(Collection entries)

****

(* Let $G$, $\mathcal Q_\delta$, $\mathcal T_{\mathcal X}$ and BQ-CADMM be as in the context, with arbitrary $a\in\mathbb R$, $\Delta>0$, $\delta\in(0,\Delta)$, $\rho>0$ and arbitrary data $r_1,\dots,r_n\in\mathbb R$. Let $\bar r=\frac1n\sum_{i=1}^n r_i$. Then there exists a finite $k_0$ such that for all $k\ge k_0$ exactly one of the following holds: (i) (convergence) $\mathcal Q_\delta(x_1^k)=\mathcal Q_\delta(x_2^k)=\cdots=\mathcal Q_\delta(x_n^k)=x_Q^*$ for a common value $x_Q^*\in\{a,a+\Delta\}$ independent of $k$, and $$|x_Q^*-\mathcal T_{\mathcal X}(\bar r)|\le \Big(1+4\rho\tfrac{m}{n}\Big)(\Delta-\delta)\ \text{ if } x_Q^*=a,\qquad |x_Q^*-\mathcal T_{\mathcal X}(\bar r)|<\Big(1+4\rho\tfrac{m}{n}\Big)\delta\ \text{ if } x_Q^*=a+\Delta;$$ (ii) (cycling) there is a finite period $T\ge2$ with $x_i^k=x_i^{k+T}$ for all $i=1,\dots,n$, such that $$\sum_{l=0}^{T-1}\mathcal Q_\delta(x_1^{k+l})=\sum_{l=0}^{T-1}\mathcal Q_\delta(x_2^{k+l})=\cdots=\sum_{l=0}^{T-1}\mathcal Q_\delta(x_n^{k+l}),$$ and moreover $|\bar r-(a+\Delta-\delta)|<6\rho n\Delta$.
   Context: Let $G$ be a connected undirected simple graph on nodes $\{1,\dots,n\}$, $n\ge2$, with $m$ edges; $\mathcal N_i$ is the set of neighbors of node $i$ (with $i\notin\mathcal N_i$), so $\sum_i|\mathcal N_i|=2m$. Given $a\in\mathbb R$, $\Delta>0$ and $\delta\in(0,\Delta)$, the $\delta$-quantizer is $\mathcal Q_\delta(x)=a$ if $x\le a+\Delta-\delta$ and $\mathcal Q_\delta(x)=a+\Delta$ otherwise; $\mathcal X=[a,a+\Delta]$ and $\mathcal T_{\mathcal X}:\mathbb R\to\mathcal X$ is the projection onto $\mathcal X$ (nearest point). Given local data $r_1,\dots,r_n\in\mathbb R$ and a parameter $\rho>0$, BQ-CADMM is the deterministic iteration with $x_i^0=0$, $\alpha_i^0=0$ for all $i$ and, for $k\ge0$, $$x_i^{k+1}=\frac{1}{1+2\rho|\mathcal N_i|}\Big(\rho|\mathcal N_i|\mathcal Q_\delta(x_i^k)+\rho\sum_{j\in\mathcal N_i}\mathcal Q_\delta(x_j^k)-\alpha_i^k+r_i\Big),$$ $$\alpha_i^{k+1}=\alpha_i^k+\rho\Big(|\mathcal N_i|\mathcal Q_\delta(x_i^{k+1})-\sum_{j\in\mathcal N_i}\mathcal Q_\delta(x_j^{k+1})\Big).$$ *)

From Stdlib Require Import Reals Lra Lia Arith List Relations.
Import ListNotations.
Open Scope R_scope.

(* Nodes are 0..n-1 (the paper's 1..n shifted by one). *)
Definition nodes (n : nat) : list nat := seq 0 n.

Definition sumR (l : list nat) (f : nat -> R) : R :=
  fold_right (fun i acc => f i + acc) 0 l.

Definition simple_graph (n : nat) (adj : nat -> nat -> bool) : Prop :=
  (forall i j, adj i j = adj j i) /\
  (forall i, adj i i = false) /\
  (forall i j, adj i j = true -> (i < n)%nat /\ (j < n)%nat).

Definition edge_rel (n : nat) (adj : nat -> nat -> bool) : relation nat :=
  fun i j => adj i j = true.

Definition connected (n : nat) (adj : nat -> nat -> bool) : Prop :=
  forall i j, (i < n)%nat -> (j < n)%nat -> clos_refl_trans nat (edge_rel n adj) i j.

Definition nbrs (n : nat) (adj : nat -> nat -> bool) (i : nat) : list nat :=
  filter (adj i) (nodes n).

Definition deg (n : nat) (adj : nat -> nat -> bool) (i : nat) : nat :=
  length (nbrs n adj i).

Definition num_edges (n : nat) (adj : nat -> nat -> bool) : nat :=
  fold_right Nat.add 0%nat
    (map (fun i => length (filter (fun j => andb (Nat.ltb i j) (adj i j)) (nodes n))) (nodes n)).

****

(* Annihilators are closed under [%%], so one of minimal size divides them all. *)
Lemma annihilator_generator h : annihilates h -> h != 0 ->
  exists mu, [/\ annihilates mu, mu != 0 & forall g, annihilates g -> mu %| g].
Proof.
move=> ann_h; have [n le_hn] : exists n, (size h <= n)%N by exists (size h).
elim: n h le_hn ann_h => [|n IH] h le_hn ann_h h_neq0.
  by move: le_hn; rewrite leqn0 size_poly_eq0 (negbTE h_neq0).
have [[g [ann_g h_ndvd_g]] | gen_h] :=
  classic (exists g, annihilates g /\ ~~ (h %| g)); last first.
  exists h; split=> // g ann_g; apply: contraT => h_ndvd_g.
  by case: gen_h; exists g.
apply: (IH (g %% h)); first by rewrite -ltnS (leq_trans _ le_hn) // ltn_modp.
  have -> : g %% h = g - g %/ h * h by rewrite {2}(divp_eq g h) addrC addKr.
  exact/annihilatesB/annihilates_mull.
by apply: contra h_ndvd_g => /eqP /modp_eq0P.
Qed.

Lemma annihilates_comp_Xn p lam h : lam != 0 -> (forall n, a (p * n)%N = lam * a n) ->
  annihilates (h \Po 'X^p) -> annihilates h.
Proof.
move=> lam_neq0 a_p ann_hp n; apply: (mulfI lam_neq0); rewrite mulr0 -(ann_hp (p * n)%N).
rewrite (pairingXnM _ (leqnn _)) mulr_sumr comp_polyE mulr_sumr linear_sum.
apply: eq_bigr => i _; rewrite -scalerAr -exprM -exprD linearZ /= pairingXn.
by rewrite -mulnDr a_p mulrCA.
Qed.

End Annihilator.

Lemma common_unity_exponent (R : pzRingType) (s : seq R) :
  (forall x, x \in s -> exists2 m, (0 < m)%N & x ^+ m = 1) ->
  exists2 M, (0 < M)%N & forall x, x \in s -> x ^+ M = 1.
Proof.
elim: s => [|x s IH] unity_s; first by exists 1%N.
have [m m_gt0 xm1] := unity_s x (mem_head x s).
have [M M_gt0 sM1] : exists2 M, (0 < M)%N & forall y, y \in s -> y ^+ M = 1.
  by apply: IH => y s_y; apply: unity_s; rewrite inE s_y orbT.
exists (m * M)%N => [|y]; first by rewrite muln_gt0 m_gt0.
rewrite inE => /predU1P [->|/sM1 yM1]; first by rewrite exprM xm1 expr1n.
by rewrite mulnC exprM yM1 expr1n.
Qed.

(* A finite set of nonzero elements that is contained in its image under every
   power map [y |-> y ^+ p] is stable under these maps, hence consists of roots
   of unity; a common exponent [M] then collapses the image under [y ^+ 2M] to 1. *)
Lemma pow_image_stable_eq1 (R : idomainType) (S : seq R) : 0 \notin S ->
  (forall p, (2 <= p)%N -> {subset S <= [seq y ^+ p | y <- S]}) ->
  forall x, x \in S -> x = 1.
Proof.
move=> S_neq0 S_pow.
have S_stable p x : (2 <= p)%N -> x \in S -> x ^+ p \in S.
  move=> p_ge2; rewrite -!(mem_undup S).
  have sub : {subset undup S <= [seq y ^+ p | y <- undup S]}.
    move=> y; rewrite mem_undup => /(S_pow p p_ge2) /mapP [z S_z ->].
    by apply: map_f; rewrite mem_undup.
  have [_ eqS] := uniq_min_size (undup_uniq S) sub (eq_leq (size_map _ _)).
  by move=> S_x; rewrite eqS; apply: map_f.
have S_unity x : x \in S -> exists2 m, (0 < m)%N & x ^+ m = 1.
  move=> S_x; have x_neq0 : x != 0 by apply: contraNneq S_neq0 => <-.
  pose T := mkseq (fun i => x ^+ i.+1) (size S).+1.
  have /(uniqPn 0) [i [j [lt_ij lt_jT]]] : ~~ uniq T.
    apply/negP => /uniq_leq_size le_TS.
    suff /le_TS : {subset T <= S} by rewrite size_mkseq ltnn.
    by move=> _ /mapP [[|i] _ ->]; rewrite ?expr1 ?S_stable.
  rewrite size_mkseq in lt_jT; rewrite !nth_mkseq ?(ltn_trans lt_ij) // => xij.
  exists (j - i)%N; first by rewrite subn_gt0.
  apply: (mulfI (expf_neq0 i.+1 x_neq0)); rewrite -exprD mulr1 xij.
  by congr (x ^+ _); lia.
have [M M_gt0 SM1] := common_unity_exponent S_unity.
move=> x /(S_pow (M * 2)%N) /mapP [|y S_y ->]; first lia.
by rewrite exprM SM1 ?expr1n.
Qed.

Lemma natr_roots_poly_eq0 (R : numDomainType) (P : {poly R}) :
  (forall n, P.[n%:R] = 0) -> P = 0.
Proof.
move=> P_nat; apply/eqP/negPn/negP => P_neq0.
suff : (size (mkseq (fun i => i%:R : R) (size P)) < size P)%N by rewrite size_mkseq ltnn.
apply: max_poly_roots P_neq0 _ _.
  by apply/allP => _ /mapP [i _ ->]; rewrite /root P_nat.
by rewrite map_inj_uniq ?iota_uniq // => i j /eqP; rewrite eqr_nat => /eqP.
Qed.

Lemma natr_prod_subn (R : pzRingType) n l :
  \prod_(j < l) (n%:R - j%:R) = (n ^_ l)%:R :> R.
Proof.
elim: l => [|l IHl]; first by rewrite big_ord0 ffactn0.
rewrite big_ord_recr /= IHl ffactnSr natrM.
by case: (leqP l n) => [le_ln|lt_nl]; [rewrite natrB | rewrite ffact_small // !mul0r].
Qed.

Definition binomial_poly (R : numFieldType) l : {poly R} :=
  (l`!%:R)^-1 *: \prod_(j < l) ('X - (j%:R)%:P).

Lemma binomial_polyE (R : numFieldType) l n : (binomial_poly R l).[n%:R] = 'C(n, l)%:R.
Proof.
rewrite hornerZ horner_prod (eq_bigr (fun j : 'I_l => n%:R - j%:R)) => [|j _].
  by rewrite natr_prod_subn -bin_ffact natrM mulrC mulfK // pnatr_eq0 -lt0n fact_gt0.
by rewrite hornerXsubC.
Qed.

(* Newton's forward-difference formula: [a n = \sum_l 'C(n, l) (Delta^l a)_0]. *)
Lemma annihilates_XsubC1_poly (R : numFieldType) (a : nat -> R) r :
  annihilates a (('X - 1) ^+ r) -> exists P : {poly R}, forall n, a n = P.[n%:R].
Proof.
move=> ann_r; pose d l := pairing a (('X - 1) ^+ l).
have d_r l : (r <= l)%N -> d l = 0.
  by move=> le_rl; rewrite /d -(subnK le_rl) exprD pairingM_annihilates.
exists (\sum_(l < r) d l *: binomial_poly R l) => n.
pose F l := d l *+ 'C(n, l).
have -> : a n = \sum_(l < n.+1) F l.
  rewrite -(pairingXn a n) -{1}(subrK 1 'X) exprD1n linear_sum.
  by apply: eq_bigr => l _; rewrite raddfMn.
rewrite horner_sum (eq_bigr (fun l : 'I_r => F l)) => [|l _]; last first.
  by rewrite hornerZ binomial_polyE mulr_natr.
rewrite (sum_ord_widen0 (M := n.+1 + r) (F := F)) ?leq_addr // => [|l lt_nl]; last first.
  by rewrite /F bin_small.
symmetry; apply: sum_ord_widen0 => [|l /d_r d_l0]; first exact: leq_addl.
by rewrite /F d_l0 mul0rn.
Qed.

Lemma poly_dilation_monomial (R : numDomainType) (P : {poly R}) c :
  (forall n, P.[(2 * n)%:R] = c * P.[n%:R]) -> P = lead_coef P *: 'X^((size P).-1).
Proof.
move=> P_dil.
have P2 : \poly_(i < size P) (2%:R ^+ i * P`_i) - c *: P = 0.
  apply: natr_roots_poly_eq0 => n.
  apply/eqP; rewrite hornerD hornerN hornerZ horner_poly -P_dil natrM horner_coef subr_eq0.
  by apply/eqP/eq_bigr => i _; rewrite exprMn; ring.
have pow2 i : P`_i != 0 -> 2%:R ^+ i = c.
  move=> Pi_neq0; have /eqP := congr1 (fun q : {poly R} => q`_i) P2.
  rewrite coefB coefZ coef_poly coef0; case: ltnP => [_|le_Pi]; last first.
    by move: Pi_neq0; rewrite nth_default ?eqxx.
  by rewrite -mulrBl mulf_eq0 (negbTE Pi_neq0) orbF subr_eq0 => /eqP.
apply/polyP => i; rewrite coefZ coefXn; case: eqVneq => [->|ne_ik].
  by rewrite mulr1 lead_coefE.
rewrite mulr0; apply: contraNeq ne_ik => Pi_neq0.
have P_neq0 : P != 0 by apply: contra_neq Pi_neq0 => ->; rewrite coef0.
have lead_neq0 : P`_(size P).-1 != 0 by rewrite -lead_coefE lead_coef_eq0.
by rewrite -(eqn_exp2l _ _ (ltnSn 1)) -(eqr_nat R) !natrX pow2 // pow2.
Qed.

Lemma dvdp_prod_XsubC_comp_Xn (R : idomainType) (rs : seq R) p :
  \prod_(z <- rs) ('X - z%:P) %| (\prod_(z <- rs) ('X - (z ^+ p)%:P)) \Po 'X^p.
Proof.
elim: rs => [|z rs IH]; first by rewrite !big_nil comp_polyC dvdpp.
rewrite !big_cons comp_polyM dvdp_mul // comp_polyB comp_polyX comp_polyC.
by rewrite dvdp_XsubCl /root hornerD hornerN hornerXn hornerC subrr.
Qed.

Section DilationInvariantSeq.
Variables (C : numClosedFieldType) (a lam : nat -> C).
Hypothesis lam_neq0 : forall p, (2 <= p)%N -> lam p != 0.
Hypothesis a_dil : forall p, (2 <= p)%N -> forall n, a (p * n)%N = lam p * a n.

****

• Directions for this task
Copy out every line of the data that includes "under".

• Your solution
(* Annihilators are closed under [%%], so one of minimal size divides them all. *)
(* A finite set of nonzero elements that is contained in its image under every
   power map [y |-> y ^+ p] is stable under these maps, hence consists of roots
   of unity; a common exponent [M] then collapses the image under [y ^+ 2M] to 1. *)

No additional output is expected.